In edge computing resources like compute, storage, and network are constrained and must be allocated. There are usually multiple optimization parameters and condition, like: resource usage quotas, energy consumption, latency.

Compute offloading seems to be studied most for mobile edge computing Jiang et al. [JCG+19]( section A). Also according to that paper:

Due to the bandwidth fluctuations in wireless environments, static application partitioning is not suitable for mobile platforms with fixed bandwidth, while dynamic program partitioning will result in high overheads.

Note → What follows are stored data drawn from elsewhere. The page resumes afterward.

(* Let $A\in\mathbb{R}^{n\times n}$ be nonsingular, $B\in\mathbb{R}^{n\times p}$, $C\in\mathbb{R}^{q\times n}$, and let $X_0=O$. For $k=0,1,2,\dots$ suppose that $A-X_kBB^T$ is nonsingular and that $X_{k+1}$ is the approximate solution computed by EKSM (in the sense described in the context) of the Newton–Kleinman Lyapunov equation $$(A-X_kBB^T)X+X(A-X_kBB^T)^T=-X_kBB^TX_k-C^TC ,$$ i.e. $X_{k+1}=W_{k+1}Y^{(k+1)}W_{k+1}^T$, where the columns of $W_{k+1}$ form an orthonormal basis of $\mathbf{EK}^\square_{m_{k+1}}(A-X_kBB^T,[C^T,X_kB])$ for some $m_{k+1}\ge1$, and $Y^{(k+1)}$ is a square matrix; write $X_{k+1}=S_{k+1}S_{k+1}^T$ when $Y^{(k+1)}$ is symmetric positive semidefinite. Then for every $k\ge0$, $$\mathrm{Range}(X_{k+1})\subseteq \mathbf{EK}^\square_{\bar m_{k+1}}(A,C^T)\quad(\text{equivalently }\mathrm{Range}(S_{k+1})\subseteq \mathbf{EK}^\square_{\bar m_{k+1}}(A,C^T))$$ for some integer $\bar m_{k+1}$ with $\bar m_{k+1}\le \sum_{j=1}^{k+1}m_j+2$.
   Context: For a nonsingular $M\in\mathbb{R}^{n\times n}$ and $G\in\mathbb{R}^{n\times s}$, the block extended Krylov subspace is $\mathbf{EK}^\square_m(M,G)=\mathrm{Range}([G,M^{-1}G,MG,M^{-2}G,\dots,M^{m-1}G,M^{-m}G])$. ''Solving the Lyapunov equation $MX+XM^T+GG^T=0$ by EKSM'' means computing an approximate solution of the form $VYV^T$, where the columns of $V$ form an orthonormal basis of $\mathbf{EK}^\square_m(M,G)$ for some $m$ and $Y$ is a small square matrix (e.g. obtained by a Galerkin condition). *)

(* Subspaces of R^n are represented, as in mxalgebra, by
   row spaces; the column space (Range) of X : 'M_(n,k) is the row space of X^T. *)
From HB Require Import structures.
From mathcomp Require Import all_boot all_order all_algebra.
Set Implicit Arguments. Unset Strict Implicit. Unset Printing Implicit Defensive.
Import Order.TTheory GRing.Theory Num.Theory.
Local Open Scope ring_scope.

Definition Range (R : fieldType) (n k : nat) (X : 'M[R]_(n, k)) : 'M[R]_(k, n) := X^T.

Definition EK (R : fieldType) (n s : nat) (m : nat) (M : 'M[R]_n) (G : 'M[R]_(n, s))
  : 'M[R]_n :=
  (\sum_(i < m) (<< Range (M ^+ i *m G) >> + << Range (invmx M ^+ i.+1 *m G) >>))%MS.

Definition orthonormal_basis (R : fieldType) (n r : nat) (W : 'M[R]_(n, r)) (S : 'M[R]_n)
  : Prop :=
  W^T *m W = 1%:M /\ (Range W == S)%MS.

From HB Require Import structures.
From mathcomp Require Import all_boot all_order all_algebra.
Import GRing.Theory Num.Theory.
Local Open Scope ring_scope.

(* Let K_k = A - X_k B B^T and G_k = [C^T, X_k B].  The proof rests on one
   invariant: Range(X_k) lies in EK_(s_k + 1)(A, C^T), s_k = m_0 + ... + m_(k-1).
   If it holds for X_k then every Krylov vector of EK_(m_k)(K_k, G_k) lies in
   EK_(m_k + s_k + 1)(A, C^T): the generators do (C^T lies in the first block,
   X_k B in Range(X_k)), and one multiplication by K_k or by
   K_k^{-1} = A^{-1} + A^{-1} (X_k B B^T) K_k^{-1} only enlarges the index of
   the extended Krylov space of A by one, because the correction terms have
   range inside Range(X_k).  Since X_(k+1) = W_k Y_k W_k^T has range inside
   Range(W_k) = EK_(m_k)(K_k, G_k), the invariant propagates, which gives the
   theorem with mbar = s_(k+1) + 1.  Only Range(W_k) = EK_(m_k)(K_k, G_k) is
   used: neither orthonormality of W_k, the choice of Y_k, nor m_k >= 1.
   The file first collects facts about EK for an arbitrary matrix (membership
   of the generators, monotonicity, one-step growth under A and A^{-1}), then
   a criterion bounding EK_m(N, G) by an increasing chain of subspaces, then
   the low-rank update lemma, and finally the theorem. *)

Section ExtendedKrylov.
Set Implicit Arguments. Unset Strict Implicit.
Variables (R : fieldType) (n : nat).
Implicit Types (N A E : 'M[R]_n).

Lemma EK_power_sub s m N (G : 'M[R]_(n, s)) i : (i < m)%N ->
  (Range (N ^+ i *m G) <= EK m N G)%MS.
Proof.
move=> lt_im; apply: (sumsmx_sup (Ordinal lt_im)) => //=.
by apply: submx_trans (addsmxSl _ _); rewrite genmxE.
Qed.

Lemma EK_inv_power_sub s m N (G : 'M[R]_(n, s)) i : (i < m)%N ->
  (Range (invmx N ^+ i.+1 *m G) <= EK m N G)%MS.
Proof.
move=> lt_im; apply: (sumsmx_sup (Ordinal lt_im)) => //=.
by apply: submx_trans (addsmxSr _ _); rewrite genmxE.
Qed.

Lemma EK_mul_sub s m N (G : 'M[R]_(n, s)) (M S : 'M[R]_n) :
  (forall i, (i < m)%N -> (Range (N ^+ i *m G) *m M <= S)%MS) ->
  (forall i, (i < m)%N -> (Range (invmx N ^+ i.+1 *m G) *m M <= S)%MS) ->
  (EK m N G *m M <= S)%MS.
Proof.
move=> powS invS; rewrite /EK sumsmxMr; apply/sumsmx_subP => i _.
by rewrite addsmxMr addsmx_sub !(eqmxMr _ (genmxE _)) powS ?invS.
Qed.

Lemma chain_monotone (f : nat -> 'M[R]_n) : (forall j, (f j <= f j.+1)%MS) ->
  {homo f : i j / (i <= j)%N >-> (i <= j)%MS}.
Proof.
apply: (@homo_leq _ f (fun S T => (S <= T)%MS)) => [S|S1 S2 S3].
  exact: submx_refl.
exact: submx_trans.
Qed.

Lemma EK_monotone s N (G : 'M[R]_(n, s)) m1 m2 : (m1 <= m2)%N ->
  (EK m1 N G <= EK m2 N G)%MS.
Proof.
by apply: (chain_monotone (f := fun m => EK m N G)) => m;
  rewrite /EK big_ord_recr /= addsmxSl.
Qed.

Lemma mulmx_exprS (N : 'M[R]_n) i : N *m N ^+ i = N ^+ i.+1.
Proof. by rewrite exprS. Qed.

Lemma mul_invmx_pow A i : A \in unitmx -> A *m invmx A ^+ i.+1 = invmx A ^+ i.
Proof. by move=> uA; rewrite -mulmx_exprS mulmxA mulmxV // mul1mx. Qed.

Lemma invmx_mul_pow A i : A \in unitmx -> invmx A *m A ^+ i.+1 = A ^+ i.
Proof. by move=> uA; rewrite -mulmx_exprS mulmxA mulVmx // mul1mx. Qed.

Lemma RangeM s (M P : 'M[R]_n) (G : 'M[R]_(n, s)) :
  Range (P *m G) *m M^T = Range ((M *m P) *m G).
Proof. by rewrite /Range -trmx_mul mulmxA. Qed.

Lemma EK_mulA s m A (G : 'M[R]_(n, s)) : A \in unitmx ->
  (EK m A G *m A^T <= EK m.+1 A G)%MS.
Proof.
move=> uA; apply: EK_mul_sub => i lt_im; rewrite RangeM.
  by rewrite mulmx_exprS; apply: EK_power_sub.
rewrite mul_invmx_pow //; case: i lt_im => [|i] lt_im.
  by have := EK_power_sub A G (ltn0Sn m); rewrite !expr0.
by apply: EK_inv_power_sub; rewrite ltnS (ltnW (ltnW lt_im)).
Qed.

Lemma EK_mulinvA s m A (G : 'M[R]_(n, s)) : A \in unitmx ->
  (EK m A G *m (invmx A)^T <= EK m.+1 A G)%MS.
Proof.
move=> uA; apply: EK_mul_sub => i lt_im; rewrite RangeM; last first.
  by rewrite mulmx_exprS; apply: EK_inv_power_sub.
case: i lt_im => [|i] lt_im.
  by have := EK_inv_power_sub A G (ltn0Sn m); rewrite expr0 mulmx1 expr1.
by rewrite invmx_mul_pow //; apply: EK_power_sub; rewrite ltnS (ltnW (ltnW lt_im)).
Qed.

Lemma Range_power_chain s N (G : 'M[R]_(n, s)) (f : nat -> 'M[R]_n) :
  (forall j, (f j *m N^T <= f j.+1)%MS) -> (Range G <= f 0%N)%MS ->
  forall i, (Range (N ^+ i *m G) <= f i)%MS.
Proof.
move=> stepN G0; elim=> [|i IHi]; first by rewrite expr0 mul1mx.
rewrite -mulmx_exprS -(mul1mx (_ ^+ i)) -RangeM mul1mx.
exact: submx_trans (submxMr _ IHi) (stepN i).
Qed.

Lemma EK_chain_sub s N (G : 'M[R]_(n, s)) (f : nat -> 'M[R]_n) :
  (forall j, (f j <= f j.+1)%MS) ->
  (forall j, (f j *m N^T <= f j.+1)%MS) ->
  (forall j, (f j *m (invmx N)^T <= f j.+1)%MS) ->
  (Range G <= f 0%N)%MS -> forall m, (EK m N G <= f m)%MS.
Proof.
move=> incr stepN stepNV G0 m.
have f_mono := chain_monotone incr.
rewrite -[EK m N G]mulmx1; apply: EK_mul_sub => i lt_im; rewrite mulmx1.
  exact: submx_trans (Range_power_chain stepN G0 i) (f_mono _ _ (ltnW lt_im)).
exact: submx_trans (Range_power_chain stepNV G0 i.+1) (f_mono _ _ lt_im).
Qed.

Lemma invmx_update A E : A \in unitmx -> (A - E) \in unitmx ->
  invmx (A - E) = invmx A + invmx A *m E *m invmx (A - E).
Proof.
move=> uA uAE.
rewrite -[in LHS](mul1mx (invmx (A - E))) -(mulVmx uA).
rewrite -[in X in invmx A *m X](subrK E A) mulmxDr mulmxDl.
by rewrite -mulmxA mulmxV // mulmx1.
Qed.

Lemma EK_update_sub p q A (B : 'M[R]_(n, p)) (Ct : 'M[R]_(n, q)) X M m :
  A \in unitmx -> (A - X *m B *m B^T) \in unitmx -> (0 < M)%N ->
  (Range X <= EK M A Ct)%MS ->
  (EK m (A - X *m B *m B^T) (row_mx Ct (X *m B)) <= EK (m + M) A Ct)%MS.
Proof.
move=> uA uK M_gt0 XS.
pose f j := EK (j + M) A Ct.
have incr j : (f j <= f j.+1)%MS by exact: EK_monotone.
have Xf j : (Range X <= f j)%MS.
  by apply: submx_trans XS (EK_monotone _ _ _); rewrite leq_addl.
have corr k (Z : 'M[R]_(k, n)) : (Z *m (X *m B *m B^T)^T <= Range X)%MS.
  by rewrite -mulmxA trmx_mul mulmxA submxMl.
apply: (EK_chain_sub (f := f)) => [//|j|j|].
- rewrite linearB mulmxDr addmx_sub ?EK_mulA // mulmxN eqmx_opp.
  exact: submx_trans (corr _ _) (Xf j.+1).
- rewrite invmx_update // linearD /= mulmxDr addmx_sub ?EK_mulinvA //.
  rewrite /= trmx_mul (trmx_mul (invmx A)) !mulmxA.
  apply: submx_trans (submxMr _ (corr _ _)) _.
  exact: submx_trans (submxMr _ (Xf j)) (EK_mulinvA _ _ uA).
- rewrite /Range tr_row_mx col_mx_sub; apply/andP; split.
    by have := EK_power_sub A Ct M_gt0; rewrite expr0 mul1mx.
  by rewrite trmx_mul; apply: submx_trans (submxMl _ _) (Xf 0%N).
Qed.

Lemma Range_congr_sub r (W : 'M[R]_(n, r)) (Y : 'M[R]_r) :
  (Range (W *m Y *m W^T) <= Range W)%MS.
Proof. by rewrite /Range !trmx_mul trmxK mulmxA submxMl. Qed.

End ExtendedKrylov.

Theorem theorem1 (R : realFieldType) (n p q : nat)
  (A : 'M[R]_n) (B : 'M[R]_(n, p)) (C : 'M[R]_(q, n))
  (X : nat -> 'M[R]_n) (m : nat -> nat) (r : nat -> nat)
  (W : forall k, 'M[R]_(n, r k)) (Y : forall k, 'M[R]_(r k)) :
  A \in unitmx ->
  X 0%N = 0 ->
  (forall k, (A - X k *m B *m B^T) \in unitmx) ->
  (forall k, (1 <= m k)%N) ->
  (forall k, orthonormal_basis (W k)
               (EK (m k) (A - X k *m B *m B^T) (row_mx C^T (X k *m B)))) ->
  (forall k, X k.+1 = W k *m Y k *m (W k)^T) ->
  forall k : nat, exists mbar : nat,
    (mbar <= \sum_(j < k.+1) m j + 2)%N /\
    (Range (X k.+1) <= EK mbar A C^T)%MS.
Proof.
move=> uA X0 uK _ basisW defX.
have inv k : (Range (X k) <= EK (\sum_(j < k) m j + 1) A C^T)%MS.
  elim: k => [|k IHk]; first by rewrite X0 /Range trmx0 sub0mx.
  have [_ /eqmxP rangeW] := basisW k.
  rewrite defX; apply: submx_trans (Range_congr_sub _ _) _; rewrite rangeW.
  rewrite big_ord_recr /= -addnA addnCA.
  by apply: EK_update_sub => //; rewrite addn1.
move=> k; exists (\sum_(j < k.+1) m j + 1)%N.
by rewrite leq_add2l inv.
Qed.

• What are the applications that are used for the research on edge computing?

Later:

Computation offloading is regarded as an effective way to guarantee user service quality by offloading the compute-intensive or latency-sensitive tasks to the edge devices or nearby edge servers [MB17]

It seems that most computation offloading is done just-in-time. If the application and processing environment is more stable offloading decision could be made upfront with potentially large gains.